Task statement ->
Beginning with the line that holds "[set f | is_bij X Y f]." in the data below, give again every line through the one that holds "Definition strong_row (R", exactly as written.

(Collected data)
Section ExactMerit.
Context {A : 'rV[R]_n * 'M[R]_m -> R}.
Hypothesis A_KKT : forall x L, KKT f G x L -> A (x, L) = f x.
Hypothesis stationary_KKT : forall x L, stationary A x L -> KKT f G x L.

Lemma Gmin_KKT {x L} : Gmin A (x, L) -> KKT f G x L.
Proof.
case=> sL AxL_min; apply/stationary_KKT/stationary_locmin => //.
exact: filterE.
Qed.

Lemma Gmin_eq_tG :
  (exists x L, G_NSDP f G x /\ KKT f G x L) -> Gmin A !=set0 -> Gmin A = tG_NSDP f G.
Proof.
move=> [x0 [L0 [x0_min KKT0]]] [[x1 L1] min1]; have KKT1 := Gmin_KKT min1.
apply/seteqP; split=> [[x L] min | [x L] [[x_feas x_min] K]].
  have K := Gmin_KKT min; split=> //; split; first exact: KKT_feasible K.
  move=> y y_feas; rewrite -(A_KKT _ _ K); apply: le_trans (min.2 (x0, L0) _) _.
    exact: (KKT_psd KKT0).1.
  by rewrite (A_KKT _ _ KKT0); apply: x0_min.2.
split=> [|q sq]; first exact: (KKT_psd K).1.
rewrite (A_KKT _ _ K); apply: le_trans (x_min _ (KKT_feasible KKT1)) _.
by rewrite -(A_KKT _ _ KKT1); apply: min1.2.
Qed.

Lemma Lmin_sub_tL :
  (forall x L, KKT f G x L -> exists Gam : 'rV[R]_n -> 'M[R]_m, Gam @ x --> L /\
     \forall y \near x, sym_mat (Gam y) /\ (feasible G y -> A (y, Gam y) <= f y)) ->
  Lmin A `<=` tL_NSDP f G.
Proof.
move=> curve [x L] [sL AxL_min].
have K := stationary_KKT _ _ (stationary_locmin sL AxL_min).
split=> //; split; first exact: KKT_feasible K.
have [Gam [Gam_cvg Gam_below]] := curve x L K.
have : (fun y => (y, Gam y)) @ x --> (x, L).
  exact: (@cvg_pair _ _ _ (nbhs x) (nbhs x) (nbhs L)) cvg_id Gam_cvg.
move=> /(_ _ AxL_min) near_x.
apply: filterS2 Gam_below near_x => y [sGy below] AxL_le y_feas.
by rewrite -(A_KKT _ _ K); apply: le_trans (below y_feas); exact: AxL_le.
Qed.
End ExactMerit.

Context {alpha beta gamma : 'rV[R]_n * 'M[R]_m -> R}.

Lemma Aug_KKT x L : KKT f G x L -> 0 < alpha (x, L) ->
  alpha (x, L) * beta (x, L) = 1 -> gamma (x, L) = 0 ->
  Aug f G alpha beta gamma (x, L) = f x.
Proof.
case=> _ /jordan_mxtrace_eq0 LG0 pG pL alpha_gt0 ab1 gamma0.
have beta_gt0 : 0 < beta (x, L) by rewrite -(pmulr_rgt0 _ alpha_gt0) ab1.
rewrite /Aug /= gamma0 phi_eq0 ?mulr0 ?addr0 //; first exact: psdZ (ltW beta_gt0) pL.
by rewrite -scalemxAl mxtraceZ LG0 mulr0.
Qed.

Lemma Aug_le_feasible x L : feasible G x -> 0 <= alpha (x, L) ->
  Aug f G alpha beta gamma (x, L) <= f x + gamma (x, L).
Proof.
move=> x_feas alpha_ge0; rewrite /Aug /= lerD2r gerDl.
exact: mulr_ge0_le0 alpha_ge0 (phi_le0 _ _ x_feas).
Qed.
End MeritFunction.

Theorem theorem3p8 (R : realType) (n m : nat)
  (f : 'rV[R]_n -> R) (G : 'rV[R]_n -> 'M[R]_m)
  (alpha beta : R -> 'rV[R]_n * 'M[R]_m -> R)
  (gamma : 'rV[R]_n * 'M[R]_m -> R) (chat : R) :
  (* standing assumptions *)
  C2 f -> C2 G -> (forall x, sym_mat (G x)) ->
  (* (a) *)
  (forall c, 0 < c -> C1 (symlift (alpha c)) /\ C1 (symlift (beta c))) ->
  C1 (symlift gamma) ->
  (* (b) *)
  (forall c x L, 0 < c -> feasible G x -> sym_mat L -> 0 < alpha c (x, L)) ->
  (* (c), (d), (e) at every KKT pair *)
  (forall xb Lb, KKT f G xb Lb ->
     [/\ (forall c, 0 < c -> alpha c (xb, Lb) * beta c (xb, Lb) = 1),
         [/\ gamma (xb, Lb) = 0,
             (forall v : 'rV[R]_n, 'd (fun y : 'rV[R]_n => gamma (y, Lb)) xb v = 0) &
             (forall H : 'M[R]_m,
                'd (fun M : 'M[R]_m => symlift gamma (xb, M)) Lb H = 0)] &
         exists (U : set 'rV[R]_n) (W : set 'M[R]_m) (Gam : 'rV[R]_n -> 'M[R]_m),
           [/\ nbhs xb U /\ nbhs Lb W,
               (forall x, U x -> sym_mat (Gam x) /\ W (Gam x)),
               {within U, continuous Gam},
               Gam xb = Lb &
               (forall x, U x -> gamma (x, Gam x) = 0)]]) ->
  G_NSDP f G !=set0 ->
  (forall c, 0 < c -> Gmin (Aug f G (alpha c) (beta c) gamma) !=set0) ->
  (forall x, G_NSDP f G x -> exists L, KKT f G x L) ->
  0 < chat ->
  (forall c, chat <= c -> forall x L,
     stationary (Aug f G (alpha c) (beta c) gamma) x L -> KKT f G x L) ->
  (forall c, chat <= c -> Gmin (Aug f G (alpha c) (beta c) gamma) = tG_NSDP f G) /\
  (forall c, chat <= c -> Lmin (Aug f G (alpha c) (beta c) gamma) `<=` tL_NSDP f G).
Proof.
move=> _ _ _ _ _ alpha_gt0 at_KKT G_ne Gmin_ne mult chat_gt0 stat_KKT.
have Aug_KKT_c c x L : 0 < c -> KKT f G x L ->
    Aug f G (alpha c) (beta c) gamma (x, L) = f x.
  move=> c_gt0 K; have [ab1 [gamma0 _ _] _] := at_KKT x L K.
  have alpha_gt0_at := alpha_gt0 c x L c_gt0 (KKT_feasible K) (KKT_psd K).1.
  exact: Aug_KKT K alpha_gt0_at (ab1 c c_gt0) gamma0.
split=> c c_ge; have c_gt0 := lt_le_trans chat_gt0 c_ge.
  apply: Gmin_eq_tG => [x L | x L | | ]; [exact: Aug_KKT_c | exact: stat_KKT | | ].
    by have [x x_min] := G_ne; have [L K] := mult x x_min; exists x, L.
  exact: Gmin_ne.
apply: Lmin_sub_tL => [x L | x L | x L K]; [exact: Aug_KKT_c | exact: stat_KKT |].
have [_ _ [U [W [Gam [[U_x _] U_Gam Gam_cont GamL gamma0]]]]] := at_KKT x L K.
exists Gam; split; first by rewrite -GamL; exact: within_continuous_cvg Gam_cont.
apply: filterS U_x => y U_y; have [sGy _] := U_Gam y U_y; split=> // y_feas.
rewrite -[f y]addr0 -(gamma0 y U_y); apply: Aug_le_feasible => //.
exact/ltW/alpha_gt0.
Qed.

--

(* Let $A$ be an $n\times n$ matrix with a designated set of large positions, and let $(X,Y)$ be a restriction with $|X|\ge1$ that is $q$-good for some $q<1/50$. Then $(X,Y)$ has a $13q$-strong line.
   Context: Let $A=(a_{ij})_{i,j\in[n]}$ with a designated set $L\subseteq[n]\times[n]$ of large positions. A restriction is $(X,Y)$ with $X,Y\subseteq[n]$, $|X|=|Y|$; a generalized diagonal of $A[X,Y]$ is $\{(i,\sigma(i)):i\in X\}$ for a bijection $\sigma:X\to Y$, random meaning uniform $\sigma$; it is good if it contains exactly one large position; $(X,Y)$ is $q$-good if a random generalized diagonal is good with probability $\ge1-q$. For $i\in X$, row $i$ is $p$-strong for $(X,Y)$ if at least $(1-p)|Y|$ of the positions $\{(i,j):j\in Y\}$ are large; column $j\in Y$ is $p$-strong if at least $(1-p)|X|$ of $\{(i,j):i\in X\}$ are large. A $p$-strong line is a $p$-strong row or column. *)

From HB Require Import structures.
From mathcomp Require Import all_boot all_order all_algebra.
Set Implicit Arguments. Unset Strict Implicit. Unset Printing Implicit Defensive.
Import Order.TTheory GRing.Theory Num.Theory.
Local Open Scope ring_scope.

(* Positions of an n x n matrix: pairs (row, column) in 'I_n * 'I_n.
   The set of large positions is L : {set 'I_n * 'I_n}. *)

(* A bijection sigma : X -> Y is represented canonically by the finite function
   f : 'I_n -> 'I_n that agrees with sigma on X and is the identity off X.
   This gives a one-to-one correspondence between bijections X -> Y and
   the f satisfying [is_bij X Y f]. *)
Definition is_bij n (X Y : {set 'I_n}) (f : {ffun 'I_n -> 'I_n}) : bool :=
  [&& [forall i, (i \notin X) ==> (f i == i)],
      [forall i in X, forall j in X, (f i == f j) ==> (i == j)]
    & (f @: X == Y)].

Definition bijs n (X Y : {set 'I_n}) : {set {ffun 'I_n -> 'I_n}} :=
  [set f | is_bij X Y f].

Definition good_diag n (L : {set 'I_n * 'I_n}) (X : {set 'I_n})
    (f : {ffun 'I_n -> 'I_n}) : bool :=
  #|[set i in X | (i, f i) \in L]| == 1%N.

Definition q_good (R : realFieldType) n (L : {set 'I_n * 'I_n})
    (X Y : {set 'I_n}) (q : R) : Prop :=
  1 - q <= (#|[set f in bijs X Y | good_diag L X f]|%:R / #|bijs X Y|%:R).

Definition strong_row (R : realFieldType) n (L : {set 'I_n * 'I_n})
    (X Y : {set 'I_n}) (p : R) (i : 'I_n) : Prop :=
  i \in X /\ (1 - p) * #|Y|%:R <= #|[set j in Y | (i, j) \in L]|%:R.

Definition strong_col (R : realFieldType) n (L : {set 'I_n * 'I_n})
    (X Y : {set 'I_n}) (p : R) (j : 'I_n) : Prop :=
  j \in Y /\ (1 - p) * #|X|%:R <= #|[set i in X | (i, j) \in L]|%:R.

Response area ->
  [set f | is_bij X Y f].

Definition good_diag n (L : {set 'I_n * 'I_n}) (X : {set 'I_n})
    (f : {ffun 'I_n -> 'I_n}) : bool :=
  #|[set i in X | (i, f i) \in L]| == 1%N.

Definition q_good (R : realFieldType) n (L : {set 'I_n * 'I_n})
    (X Y : {set 'I_n}) (q : R) : Prop :=
  1 - q <= (#|[set f in bijs X Y | good_diag L X f]|%:R / #|bijs X Y|%:R).

Definition strong_row (R : realFieldType) n (L : {set 'I_n * 'I_n})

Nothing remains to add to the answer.